Nowhere was this concatenation of needs, collaboration, and potential conflict more real than in Kentucky, where, in 1808, Benedict Joseph Flaget became bishop of the new frontier diocese of Bardstown. In 1812, his friend and soon coadjutor bishop, John Baptist David, established the Sisters of Charity of Nazareth to educate frontier girls. David found his essential collaborator in Catherine Spalding, a girl of nineteen, intelligent, witty, and kind, an excellent manager, whom the first six members elected as their superior.1

The two clerics were Sulpicians, former seminary teachers, refugees from the French Revolution, steeped in the traditions of clerical authority and religious obedience. The first Sisters of Charity were of the English, Maryland Catholic stock, laity accustomed to living the faith and making decisions in the absence of clergy.
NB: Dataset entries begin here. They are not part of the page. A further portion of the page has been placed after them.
(* Let $d\in\mathbb{N}$. For every $r\in\mathcal{R}$, $$\mathrm{WA}(r)=\pi(\Pi_r)\qquad\text{and hence}\qquad \mathrm{Bad}(r)=\mathbb{R}^d\setminus\pi(\Pi_r).$$
   Context: For $t\in\mathbb{R}$, $\|t\|$ is the distance from $t$ to $\mathbb{Z}$. Write $\mathbb{N}=\{1,2,\dots\}$. $\mathcal{R}=\{r\in\mathbb{R}^d: r_i\ge0,\ \sum_i r_i=1\}$. For $r\in\mathcal{R}$ and $x=(x_i)\in\mathbb{R}^d$, set $$\|x\|_r=\Big(\max_{1\le i\le d}\|x_i\|^{1/r_i}\Big)^{1/d}.$$ $\mathrm{Bad}(r)=\{x\in\mathbb{R}^d:\inf_{n\in\mathbb{N}}n\|nx\|_r^d>0\}$ and $\mathrm{WA}(r)=\mathbb{R}^d\setminus\mathrm{Bad}(r)$. $\mathcal{D}$ is the set of all non-increasing $\psi:\mathbb{N}\to\mathbb{R}_{\ge0}$ with $\sum_n\psi(n)^d=\infty$. For $\psi:\mathbb{N}\to\mathbb{R}_{\ge0}$, $W(r,\psi)$ is the set of $(x,y)\in\mathbb{R}^d\times\mathbb{R}^d$ such that $\|nx+y\|_r<\psi(n)$ for infinitely many $n\in\mathbb{N}$. Then $\Pi_r=\bigcap_{\psi\in\mathcal{D}}W(r,\psi)$. $\pi(x,y)=x$ is the projection onto the first factor. *)

From HB Require Import structures.
From mathcomp Require Import all_boot all_order all_algebra.
From mathcomp Require Import all_classical all_reals all_analysis.
Set Implicit Arguments. Unset Strict Implicit. Unset Printing Implicit Defensive.
Import Order.TTheory GRing.Theory Num.Theory.
Local Open Scope classical_set_scope.
Local Open Scope ring_scope.

Section Defs.
Variables (R : realType) (d : nat).

Definition distZ (t : R) : R :=
  let f := t - (Num.floor t)%:~R in Num.min f (1 - f).

Definition weights : set ('I_d -> R) :=
  [set r | (forall i, 0 <= r i) /\ \sum_(i < d) r i = 1].

(* ||x_i||^{1/r_i}, with the convention ||x_i||^{1/0} = 0 (note ||x_i|| <= 1/2 < 1) *)
Definition wterm (r : 'I_d -> R) (x : 'I_d -> R) (i : 'I_d) : R :=
  if r i == 0 then 0 else powR (distZ (x i)) (r i)^-1.

Definition rnorm (r : 'I_d -> R) (x : 'I_d -> R) : R :=
  powR (\big[Num.max/0]_(i < d) wterm r x i) (d%:R)^-1.

Definition scalev (n : nat) (x : 'I_d -> R) : 'I_d -> R := fun i => n%:R * x i.

Definition Bad (r : 'I_d -> R) : set ('I_d -> R) :=
  [set x | 0 < inf [set (n%:R * (rnorm r (scalev n x)) ^+ d) | n in [set n : nat | (0 < n)%N]]].

Definition WA (r : 'I_d -> R) : set ('I_d -> R) := ~` Bad r.

Definition Dclass : set (nat -> R) :=
  [set psi | (forall n, (0 < n)%N -> 0 <= psi n) /\
             (forall m n, (0 < m)%N -> (m <= n)%N -> psi n <= psi m) /\
             (\sum_(1 <= n <oo) ((psi n) ^+ d)%:E = +oo)%E].

Definition W (r : 'I_d -> R) (psi : nat -> R) : set (('I_d -> R) * ('I_d -> R)) :=
  [set xy | infinite_set [set n : nat | (0 < n)%N /\
     rnorm r (fun i => n%:R * xy.1 i + xy.2 i) < psi n]].

Definition Pi (r : 'I_d -> R) : set (('I_d -> R) * ('I_d -> R)) :=
  [set xy | forall psi, Dclass psi -> W r psi xy].

End Defs.

From HB Require Import structures.
From mathcomp Require Import all_boot all_order all_algebra.
From mathcomp Require Import all_classical all_reals all_analysis.
From mathcomp Require Import ring lra zify.
Import Order.TTheory GRing.Theory Num.Theory.
Local Open Scope classical_set_scope.
Local Open Scope ring_scope.

(* Write M z = ||z||_r^d = max_i ||z_i||^(1/r_i); it satisfies M (a - b) <= K max (M a) (M b).
   If x is badly approximable, n M (n x) >= c, so two points z_n = n x + y of an orbit satisfy
   max (M z_m) (M z_n) >= a / |m - n| with a = c / K.  This yields blocks (N_k, N_(k+1)] with
   N_(k+1) >= 2 N_k on which M z_n >= a / N_(k+1), and the staircase psi^d = a / N_(k+1) is a
   non-increasing function with divergent sum such that (x, y) is not in W(r, psi).
   Conversely, if x is not badly approximable, pick q_k with q_k M (q_k x) < eps_k, where eps_k
   decays geometrically and so fast that the errors q_k x - round (q_k x) sum up to some Y.
   With y = -Y and n_K = q_0 + ... + q_(K-1) this gives q_K M (n_K x + y) <= K eps_K, so psi^d
   would be summable if psi^d <= M (n x + y) held eventually. *)

Section DistZ.
Context {R : realType}.
Implicit Types (s t : R) (k : int).

Definition nearest_int t : int :=
  let f := t - (Num.floor t)%:~R in
  if f < 1 - f then Num.floor t else Num.floor t + 1.

Lemma distZE t : distZ t = `|t - (nearest_int t)%:~R|.
Proof.
rewrite /distZ /nearest_int /Num.min.
have := floor_le t; have := floorD1_gt t; rewrite intrD => h2 h1.
case: ifP => _; first by rewrite ger0_norm // subr_ge0.
by rewrite intrD ler0_norm; lra.
Qed.

Lemma distZ_le_dist t k : distZ t <= `|t - k%:~R|.
Proof.
rewrite /distZ ge_min.
have := floor_le t; have := floorD1_gt t; rewrite intrD => h2 h1.
have [kle|klt] := lerP k (Num.floor t).
  have : k%:~R <= (Num.floor t)%:~R :> R by rewrite ler_int.
  by move=> hk; rewrite ger0_norm; lra.
have : (Num.floor t + 1)%:~R <= k%:~R :> R by rewrite ler_int lezD1.
by rewrite intrD => hk; rewrite ler0_norm; lra.
Qed.

Lemma distZ_ge0 t : 0 <= distZ t.
Proof. by rewrite distZE. Qed.

Lemma distZ_le_norm t : distZ t <= `|t|.
Proof. by have := distZ_le_dist t 0; rewrite subr0. Qed.

Lemma distZD_le s t : distZ (s + t) <= distZ s + distZ t.
Proof.
rewrite (distZE s) (distZE t).
apply: le_trans (distZ_le_dist _ (nearest_int s + nearest_int t)) _.
by rewrite intrD opprD addrACA; exact: ler_normD.
Qed.

Lemma distZN t : distZ (- t) = distZ t.
Proof.
have le t' : distZ (- t') <= distZ t'.
  rewrite (distZE t'); apply: le_trans (distZ_le_dist _ (- nearest_int t')) _.
  by rewrite intrN -opprD normrN.
by apply/eqP; rewrite eq_le le /= -{1}[t]opprK le.
Qed.

Lemma distZDz t k : distZ (t + k%:~R) = distZ t.
Proof.
have le t' k' : distZ (t' + k'%:~R) <= distZ t'.
  rewrite (distZE t'); apply: le_trans (distZ_le_dist _ (nearest_int t' + k')) _.
  by rewrite intrD opprD addrACA subrr addr0.
apply/eqP; rewrite eq_le le /=.
by have := le (t + k%:~R) (- k); rewrite intrN addrK.
Qed.

End DistZ.

Lemma finite_nat_bound (A : set nat) : finite_set A ->
  exists N, forall n, A n -> (n <= N)%N.
Proof.
move=> fA; exists (\max_(k <- finmap.enum_fset (fset_set A)) k)%N => n An.
apply: (@leq_bigmax_seq _ _ _ (fun k => k)) => //.
by rewrite in_fset_set // inE.
Qed.

Lemma nested_balls_meet {R : realType} (s b : nat -> R) :
  (forall K, 0 <= b K) ->
  (forall K, `|s K.+1 - s K| + b K.+1 <= b K) ->
  exists Y, forall K, `|Y - s K| <= b K.
Proof.
move=> b0 shrink.
have lo_mono : {homo (fun K => s K - b K) : k l / (k <= l)%N >-> k <= l}.
  apply: homo_leq => [//|u v w|K /=]; first exact: le_trans.
  have := shrink K; have := ler_norm (s K - s K.+1); rewrite -normrN opprB; lra.
have up_mono : {homo (fun K => s K + b K) : k l / (k <= l)%N >-> l <= k}.
  apply: homo_leq => [//|u v w h1 h2|K /=]; first exact: le_trans h2 h1.
  have := shrink K; have := ler_norm (s K.+1 - s K); lra.
have lo_le_up K L : s K - b K <= s L + b L.
  have [KL|LK] := leqP K L.
    by apply: le_trans (lo_mono _ _ KL) _; have := b0 L; lra.
  by apply: le_trans (up_mono _ _ (ltnW LK)); have := b0 K; lra.
set S := [set s K + b K | K in [set: nat]].
have hS : has_lbound S by exists (s 0%N - b 0%N) => _ [L _ <-]; exact: lo_le_up.
have nS : S !=set0 by exists (s 0%N + b 0%N), 0%N.
exists (inf S) => K.
have h1 : inf S <= s K + b K by apply: ge_inf => //; exists K.
have h2 : s K - b K <= inf S by apply: lb_le_inf => // _ [L _ <-]; exact: lo_le_up.
by rewrite ler_norml; apply/andP; split; lra.
Qed.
They came to the first Nazareth on St. Thomas Farm near Bardstown with little or no education but with strength of mind and purpose to serve the developing Church. There, Mother Catherine found her collaborator in Sister Ellen O'Connell, an educated and [End Page 19] zealous woman from Baltimore; together they opened the first school for Kentucky girls. Catherine was headmistress; Ellen taught students and taught the sisters to teach. By 1831, with boarders from beyond the state, the school was flourishing. Catherine completed a term of office and was replaced by Sister Angela Spink.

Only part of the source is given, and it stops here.